# # solutions to n +a(1) +a(2) +..+a(j) = a(1)a(2)..a(j)

Roland Bacher Roland.Bacher at ujf-grenoble.fr
Tue Sep 23 09:15:35 CEST 2003

The sequence considered below is a kind of special case (diagonal matrices)
of the following more general problem:

Given strictly positive integers d (corresponding to j below), a and b,
how many symmetric positiv definite d times d integral matrices are there with
trace a and determinant b?

(This number is clearly finite since one has $0<m_{i,i}\leq a$ and
$m_{i,i}m_{j,j}-m_{i,j}^2>0$ which bounds all coefficients $m_{i,j}$
of such a matrix).

In fact, the number of symmetric, positive definite d by d matrices with
given trace is already finite as shown by the above proof which does
not involve the determinant (except for its sign).

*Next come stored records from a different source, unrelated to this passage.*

(* For $g\in GL_d(\mathbb{Q})$ and $R\ge0$ let $B(g,R)=\{h\in GL_d(\mathbb{Q}) : d(g,h)\le R\}$. Then there exists a constant $C>0$ such that for all $g\in GL_d(\mathbb{Q})$ and all $R\ge0$, $|B(g,R)|\le Ce^{CR}$.
   Context: $\mathcal{P}$ is the set of primes together with $\infty$; $\mathbb{Q}_\infty=\mathbb{R}$. For $v\in\mathbb{Q}_p^d$, $|v|_p=\max_i|v_i|_p$ if $p$ prime ($|\cdot|_p$ the $p$-adic absolute value) and the Euclidean norm if $p=\infty$; $\|g\|_p=\sup_{|v|_p=1}|gv|_p$. $d_p(g,h)=\ln^+\|g^{-1}h\|_p+\ln^+\|h^{-1}g\|_p$ and, for $g,h\in GL_d(\mathbb{Q})$, $d(g,h)=\sum_{p\in\mathcal{P}}d_p(g,h)$. $|\cdot|$ denotes cardinality. *)

From HB Require Import structures.
From mathcomp Require Import all_boot all_order all_algebra.
From mathcomp Require Import all_classical all_reals all_analysis.
Set Implicit Arguments. Unset Strict Implicit. Unset Printing Implicit Defensive.
Import Order.TTheory GRing.Theory Num.Theory.
Local Open Scope ring_scope.
Local Open Scope classical_set_scope.

Section Defs.
Variable R : realType.

Definition lnp (x : R) : R := Num.max 0 (ln x).

Definition padic_abs (p : nat) (x : rat) : R :=
  if x == 0 then 0
  else (p%:R ^+ logn p `|denq x|%N) / (p%:R ^+ logn p `|numq x|%N).

Definition padic_vnorm (p : nat) (d : nat) (v : 'cV[rat]_d) : R :=
  \big[Num.max/0]_(i < d) padic_abs p (v i ord0).

(* ||g||_p = sup_{|v|_p = 1} |g v|_p  (v ranging over Q^d, dense in Q_p^d) *)
Definition padic_opnorm (p : nat) (d : nat) (g : 'M[rat]_d) : R :=
  sup [set padic_vnorm p (g *m v) | v in [set v : 'cV[rat]_d | padic_vnorm p v = 1]].

Definition eucl_norm (d : nat) (v : 'cV[R]_d) : R :=
  Num.sqrt (\sum_(i < d) (v i ord0) ^+ 2).

Definition inf_opnorm (d : nat) (g : 'M[rat]_d) : R :=
  sup [set eucl_norm (map_mx ratr g *m v) | v in [set v : 'cV[R]_d | eucl_norm v = 1]].

Definition dist_p (p : nat) (d : nat) (g h : 'M[rat]_d) : R :=
  lnp (padic_opnorm p (invmx g *m h)) + lnp (padic_opnorm p (invmx h *m g)).

Definition dist_inf (d : nat) (g h : 'M[rat]_d) : R :=
  lnp (inf_opnorm (invmx g *m h)) + lnp (inf_opnorm (invmx h *m g)).

Definition dist (d : nat) (g h : 'M[rat]_d) : R :=
  dist_inf g h + limn (fun N => \sum_(0 <= p < N | prime p) dist_p p g h).

End Defs.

The corresponding problem where only the determinant is prescribed
is stupid since it leads to infinite sets (see the REMARK below
which leads to finite sets by replacing determinants by permanents
and by considering (not necessarily symmetric) matrices with strictly
positive natural entries).

The problem below arises when one restricts to diagonal matrices
and asks for the number of solutions with a+n=b. However,
the number of solutions in symmetric positive definite integral
d\times d matrices satisfying trace +n=determinant is generally no longer
finite (consider 2 by 2 matrices with diagonal coefficients 2 and \beta
and off-diagonal coefficient \gamma. One has to count solutions of
2+n=\beta-\gamma^2 which has infinitely many solutions with
(\beta,\gamma)\in N^2 for fixed a fixed natural integer n).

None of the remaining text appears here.